◆ **What is needed**: Give again, word for word, each line below starting at the one that contains "Hypotheses (X_centered : forall" and ending at the one that contains "apply: big1 =>".

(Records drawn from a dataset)
────────

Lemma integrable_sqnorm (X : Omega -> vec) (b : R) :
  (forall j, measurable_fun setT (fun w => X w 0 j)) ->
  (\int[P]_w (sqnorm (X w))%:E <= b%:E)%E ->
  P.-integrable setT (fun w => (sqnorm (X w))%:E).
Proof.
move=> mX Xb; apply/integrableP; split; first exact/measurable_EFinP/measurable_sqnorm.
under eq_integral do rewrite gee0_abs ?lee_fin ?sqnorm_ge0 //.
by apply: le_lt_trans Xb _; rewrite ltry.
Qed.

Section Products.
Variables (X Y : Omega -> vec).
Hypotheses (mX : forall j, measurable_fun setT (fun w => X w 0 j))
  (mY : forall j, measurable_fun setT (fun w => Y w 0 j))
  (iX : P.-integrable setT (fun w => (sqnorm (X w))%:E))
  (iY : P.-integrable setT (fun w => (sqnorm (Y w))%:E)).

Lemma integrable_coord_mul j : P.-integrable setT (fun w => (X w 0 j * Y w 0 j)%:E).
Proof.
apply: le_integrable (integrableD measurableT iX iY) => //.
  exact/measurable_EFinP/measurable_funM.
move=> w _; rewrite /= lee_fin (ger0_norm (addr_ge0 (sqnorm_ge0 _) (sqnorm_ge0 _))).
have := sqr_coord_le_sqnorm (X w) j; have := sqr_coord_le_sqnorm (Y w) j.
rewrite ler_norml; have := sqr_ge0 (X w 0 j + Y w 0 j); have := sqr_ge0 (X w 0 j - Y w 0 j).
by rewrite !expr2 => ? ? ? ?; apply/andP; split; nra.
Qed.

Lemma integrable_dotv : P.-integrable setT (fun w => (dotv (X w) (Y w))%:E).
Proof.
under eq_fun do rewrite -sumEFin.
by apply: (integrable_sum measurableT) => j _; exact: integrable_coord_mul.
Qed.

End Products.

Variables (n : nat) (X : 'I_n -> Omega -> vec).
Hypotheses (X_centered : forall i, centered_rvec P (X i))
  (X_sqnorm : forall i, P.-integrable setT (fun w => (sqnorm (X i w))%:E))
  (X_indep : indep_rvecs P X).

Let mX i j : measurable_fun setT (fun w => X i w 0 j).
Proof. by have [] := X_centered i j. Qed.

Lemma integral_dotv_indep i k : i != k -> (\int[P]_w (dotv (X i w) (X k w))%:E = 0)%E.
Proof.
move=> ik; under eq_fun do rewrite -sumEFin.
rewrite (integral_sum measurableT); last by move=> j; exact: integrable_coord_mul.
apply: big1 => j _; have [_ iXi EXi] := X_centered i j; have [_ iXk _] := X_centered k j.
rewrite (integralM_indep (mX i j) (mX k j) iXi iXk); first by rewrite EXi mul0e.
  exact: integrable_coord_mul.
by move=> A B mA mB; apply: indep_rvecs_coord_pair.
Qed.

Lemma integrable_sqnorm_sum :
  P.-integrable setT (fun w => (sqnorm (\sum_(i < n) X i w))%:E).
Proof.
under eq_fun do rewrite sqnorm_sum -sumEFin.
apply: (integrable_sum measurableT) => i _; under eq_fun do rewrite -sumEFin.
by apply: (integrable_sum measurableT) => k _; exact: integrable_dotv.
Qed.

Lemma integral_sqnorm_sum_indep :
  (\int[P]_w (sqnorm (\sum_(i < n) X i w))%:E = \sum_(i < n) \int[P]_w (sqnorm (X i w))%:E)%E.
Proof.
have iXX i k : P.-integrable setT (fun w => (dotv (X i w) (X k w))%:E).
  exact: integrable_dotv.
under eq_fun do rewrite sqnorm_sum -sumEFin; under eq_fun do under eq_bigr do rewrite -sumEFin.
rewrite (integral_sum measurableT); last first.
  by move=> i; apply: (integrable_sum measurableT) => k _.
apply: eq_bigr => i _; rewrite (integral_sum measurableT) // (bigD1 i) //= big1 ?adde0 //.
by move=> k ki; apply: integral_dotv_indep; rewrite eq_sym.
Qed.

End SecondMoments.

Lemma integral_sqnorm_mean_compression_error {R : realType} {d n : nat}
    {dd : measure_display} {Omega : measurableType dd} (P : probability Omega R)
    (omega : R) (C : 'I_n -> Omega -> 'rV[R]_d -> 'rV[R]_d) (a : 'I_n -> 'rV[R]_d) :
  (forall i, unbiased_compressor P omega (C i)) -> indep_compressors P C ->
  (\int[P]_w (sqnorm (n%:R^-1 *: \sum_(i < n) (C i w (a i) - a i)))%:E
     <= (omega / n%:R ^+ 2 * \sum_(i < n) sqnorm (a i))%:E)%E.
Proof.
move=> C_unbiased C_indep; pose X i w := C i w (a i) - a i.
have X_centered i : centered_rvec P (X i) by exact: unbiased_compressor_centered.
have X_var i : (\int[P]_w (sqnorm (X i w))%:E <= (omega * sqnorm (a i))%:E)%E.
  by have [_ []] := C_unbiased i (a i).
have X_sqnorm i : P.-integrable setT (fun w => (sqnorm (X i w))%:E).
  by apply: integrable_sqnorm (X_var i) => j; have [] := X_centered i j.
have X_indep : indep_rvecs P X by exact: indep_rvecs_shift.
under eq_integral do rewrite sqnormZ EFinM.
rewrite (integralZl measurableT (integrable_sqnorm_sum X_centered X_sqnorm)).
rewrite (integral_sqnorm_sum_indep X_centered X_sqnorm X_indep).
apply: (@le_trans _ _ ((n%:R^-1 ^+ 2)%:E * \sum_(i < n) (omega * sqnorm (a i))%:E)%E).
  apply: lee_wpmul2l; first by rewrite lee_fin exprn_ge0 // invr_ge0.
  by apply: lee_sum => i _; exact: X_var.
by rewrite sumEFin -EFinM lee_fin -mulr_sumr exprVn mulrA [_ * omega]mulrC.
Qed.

────────

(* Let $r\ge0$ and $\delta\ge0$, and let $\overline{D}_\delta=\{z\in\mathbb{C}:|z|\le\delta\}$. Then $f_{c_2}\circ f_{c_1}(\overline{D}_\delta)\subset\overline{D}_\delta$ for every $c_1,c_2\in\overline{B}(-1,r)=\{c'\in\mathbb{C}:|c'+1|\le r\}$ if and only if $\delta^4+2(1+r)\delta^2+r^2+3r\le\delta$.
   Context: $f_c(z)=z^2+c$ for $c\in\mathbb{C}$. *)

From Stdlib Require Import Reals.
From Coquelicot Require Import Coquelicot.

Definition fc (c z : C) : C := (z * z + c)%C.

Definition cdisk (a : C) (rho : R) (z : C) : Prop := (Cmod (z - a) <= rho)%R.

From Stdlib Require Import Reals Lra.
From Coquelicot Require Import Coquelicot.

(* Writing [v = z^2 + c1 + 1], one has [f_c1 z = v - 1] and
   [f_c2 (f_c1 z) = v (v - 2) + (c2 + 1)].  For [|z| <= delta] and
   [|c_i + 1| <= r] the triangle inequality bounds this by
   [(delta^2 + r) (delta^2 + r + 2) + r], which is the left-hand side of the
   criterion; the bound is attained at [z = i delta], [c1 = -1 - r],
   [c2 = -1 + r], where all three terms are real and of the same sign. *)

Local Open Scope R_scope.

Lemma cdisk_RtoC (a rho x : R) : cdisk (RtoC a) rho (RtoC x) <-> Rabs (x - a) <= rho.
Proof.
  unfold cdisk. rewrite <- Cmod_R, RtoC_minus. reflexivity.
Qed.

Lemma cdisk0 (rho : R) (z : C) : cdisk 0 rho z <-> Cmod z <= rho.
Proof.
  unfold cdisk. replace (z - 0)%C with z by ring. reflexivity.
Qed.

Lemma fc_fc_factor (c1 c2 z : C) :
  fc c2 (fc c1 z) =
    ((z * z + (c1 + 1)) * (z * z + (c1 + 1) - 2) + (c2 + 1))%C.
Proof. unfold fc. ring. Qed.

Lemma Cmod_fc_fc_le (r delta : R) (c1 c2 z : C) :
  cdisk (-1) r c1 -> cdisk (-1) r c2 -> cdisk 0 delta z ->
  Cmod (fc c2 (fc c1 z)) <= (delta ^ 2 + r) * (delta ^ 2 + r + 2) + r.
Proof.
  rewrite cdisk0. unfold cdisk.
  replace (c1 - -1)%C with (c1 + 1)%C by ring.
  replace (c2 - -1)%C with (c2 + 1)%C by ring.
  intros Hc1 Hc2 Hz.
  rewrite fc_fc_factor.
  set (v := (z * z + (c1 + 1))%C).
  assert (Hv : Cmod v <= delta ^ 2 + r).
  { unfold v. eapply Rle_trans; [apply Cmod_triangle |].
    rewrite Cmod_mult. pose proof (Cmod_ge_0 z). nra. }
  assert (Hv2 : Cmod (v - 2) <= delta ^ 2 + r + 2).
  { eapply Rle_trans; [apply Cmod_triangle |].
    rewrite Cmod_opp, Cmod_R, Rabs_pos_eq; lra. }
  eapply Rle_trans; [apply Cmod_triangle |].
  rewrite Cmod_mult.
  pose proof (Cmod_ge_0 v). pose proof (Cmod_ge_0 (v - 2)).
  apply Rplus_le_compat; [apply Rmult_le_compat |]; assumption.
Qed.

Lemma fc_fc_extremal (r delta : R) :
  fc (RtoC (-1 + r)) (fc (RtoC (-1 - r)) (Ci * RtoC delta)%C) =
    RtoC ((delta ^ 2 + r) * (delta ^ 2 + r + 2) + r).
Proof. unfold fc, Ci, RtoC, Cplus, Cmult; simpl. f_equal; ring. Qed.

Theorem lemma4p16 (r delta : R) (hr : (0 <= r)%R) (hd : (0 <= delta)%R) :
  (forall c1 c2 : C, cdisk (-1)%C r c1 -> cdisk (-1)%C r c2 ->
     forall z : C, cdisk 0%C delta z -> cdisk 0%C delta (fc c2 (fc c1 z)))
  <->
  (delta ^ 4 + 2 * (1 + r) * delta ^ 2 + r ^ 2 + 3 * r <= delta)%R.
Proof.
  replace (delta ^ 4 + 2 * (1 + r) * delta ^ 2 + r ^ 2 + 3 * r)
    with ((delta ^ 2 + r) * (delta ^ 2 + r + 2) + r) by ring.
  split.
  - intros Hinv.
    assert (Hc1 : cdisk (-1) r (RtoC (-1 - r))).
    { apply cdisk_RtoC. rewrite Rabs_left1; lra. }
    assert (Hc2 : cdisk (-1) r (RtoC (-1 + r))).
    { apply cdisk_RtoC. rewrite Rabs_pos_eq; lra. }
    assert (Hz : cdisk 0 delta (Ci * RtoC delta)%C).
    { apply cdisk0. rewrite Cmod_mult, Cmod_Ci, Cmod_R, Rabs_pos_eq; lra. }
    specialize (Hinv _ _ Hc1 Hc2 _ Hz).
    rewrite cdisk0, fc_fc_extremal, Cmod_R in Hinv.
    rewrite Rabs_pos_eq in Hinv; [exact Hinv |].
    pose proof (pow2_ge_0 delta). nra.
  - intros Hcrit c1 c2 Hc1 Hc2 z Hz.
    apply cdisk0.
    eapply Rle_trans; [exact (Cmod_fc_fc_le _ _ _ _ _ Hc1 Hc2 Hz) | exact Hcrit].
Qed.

────────

◆ **Completed task**:
Hypotheses (X_centered : forall i, centered_rvec P (X i))
  (X_sqnorm : forall i, P.-integrable setT (fun w => (sqnorm (X i w))%:E))
  (X_indep : indep_rvecs P X).

Let mX i j : measurable_fun setT (fun w => X i w 0 j).
Proof. by have [] := X_centered i j. Qed.

Lemma integral_dotv_indep i k : i != k -> (\int[P]_w (dotv (X i w) (X k w))%:E = 0)%E.
Proof.
move=> ik; under eq_fun do rewrite -sumEFin.
rewrite (integral_sum measurableT); last by move=> j; exact: integrable_coord_mul.
apply: big1 => j _; have [_ iXi EXi] := X_centered i j; have [_ iXk _] := X_centered k j.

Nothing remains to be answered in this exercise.